YOUR OBJECTIVE:
Give the number of lines in the records that include the word "vertex", and nothing besides.

Stored data entries:
┌────────
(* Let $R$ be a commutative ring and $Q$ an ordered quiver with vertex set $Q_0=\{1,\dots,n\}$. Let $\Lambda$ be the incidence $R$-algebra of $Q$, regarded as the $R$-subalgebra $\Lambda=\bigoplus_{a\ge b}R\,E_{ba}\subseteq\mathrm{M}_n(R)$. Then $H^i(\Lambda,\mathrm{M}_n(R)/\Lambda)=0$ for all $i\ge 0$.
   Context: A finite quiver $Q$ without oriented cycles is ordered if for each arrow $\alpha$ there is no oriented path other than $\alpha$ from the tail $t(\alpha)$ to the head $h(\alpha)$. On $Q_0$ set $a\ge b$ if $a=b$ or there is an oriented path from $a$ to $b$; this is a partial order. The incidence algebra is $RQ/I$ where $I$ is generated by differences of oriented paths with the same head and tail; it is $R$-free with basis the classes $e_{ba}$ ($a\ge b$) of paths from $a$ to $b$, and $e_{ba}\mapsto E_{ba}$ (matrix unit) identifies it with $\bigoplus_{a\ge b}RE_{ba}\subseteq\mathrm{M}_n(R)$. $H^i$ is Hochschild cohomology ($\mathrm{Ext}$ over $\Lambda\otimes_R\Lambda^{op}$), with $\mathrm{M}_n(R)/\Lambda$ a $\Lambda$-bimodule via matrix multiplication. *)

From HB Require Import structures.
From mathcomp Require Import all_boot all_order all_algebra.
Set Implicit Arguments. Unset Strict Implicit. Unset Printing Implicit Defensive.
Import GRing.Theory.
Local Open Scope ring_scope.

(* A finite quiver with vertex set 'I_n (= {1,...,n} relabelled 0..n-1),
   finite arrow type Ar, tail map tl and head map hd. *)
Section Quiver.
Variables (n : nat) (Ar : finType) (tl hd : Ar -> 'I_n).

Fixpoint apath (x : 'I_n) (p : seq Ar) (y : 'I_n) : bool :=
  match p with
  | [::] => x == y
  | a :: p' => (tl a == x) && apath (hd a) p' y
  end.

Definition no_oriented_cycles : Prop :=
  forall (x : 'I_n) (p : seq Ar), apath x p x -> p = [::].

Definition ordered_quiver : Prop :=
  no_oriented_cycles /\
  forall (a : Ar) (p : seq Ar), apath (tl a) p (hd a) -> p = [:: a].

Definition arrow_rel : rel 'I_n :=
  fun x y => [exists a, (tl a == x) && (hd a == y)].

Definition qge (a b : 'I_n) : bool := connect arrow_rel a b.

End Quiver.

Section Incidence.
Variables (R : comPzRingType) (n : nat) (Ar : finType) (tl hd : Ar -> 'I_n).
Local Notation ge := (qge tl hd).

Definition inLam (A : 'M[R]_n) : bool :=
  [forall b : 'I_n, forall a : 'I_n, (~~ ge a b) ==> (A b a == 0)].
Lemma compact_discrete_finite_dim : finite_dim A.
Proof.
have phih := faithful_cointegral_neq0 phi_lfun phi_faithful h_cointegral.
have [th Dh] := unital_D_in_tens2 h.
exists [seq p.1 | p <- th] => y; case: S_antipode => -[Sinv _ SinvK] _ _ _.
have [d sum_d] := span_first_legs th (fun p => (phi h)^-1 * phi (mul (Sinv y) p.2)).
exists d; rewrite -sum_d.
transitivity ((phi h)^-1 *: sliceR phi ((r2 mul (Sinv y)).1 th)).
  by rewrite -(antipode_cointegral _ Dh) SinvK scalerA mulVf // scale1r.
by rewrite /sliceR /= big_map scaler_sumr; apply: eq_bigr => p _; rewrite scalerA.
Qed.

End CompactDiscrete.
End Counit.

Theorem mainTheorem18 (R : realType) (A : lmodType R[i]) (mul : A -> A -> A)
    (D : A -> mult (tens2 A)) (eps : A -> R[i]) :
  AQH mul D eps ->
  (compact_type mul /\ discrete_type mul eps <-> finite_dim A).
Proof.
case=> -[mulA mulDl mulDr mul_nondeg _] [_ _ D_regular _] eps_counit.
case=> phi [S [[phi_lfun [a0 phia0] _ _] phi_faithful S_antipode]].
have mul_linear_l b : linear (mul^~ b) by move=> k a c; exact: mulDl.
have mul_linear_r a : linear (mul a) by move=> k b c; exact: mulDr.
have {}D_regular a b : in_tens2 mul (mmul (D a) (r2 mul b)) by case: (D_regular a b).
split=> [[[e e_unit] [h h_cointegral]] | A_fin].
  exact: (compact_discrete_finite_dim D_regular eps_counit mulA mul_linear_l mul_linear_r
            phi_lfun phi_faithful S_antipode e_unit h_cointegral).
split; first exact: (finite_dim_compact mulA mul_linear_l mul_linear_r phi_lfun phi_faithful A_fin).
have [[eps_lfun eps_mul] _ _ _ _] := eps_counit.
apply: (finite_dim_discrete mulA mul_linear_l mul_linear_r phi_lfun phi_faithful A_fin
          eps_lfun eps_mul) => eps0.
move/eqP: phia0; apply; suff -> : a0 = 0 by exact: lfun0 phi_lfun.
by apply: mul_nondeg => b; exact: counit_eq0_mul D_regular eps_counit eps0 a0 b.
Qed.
└────────
RESULT OF THIS TASK:
2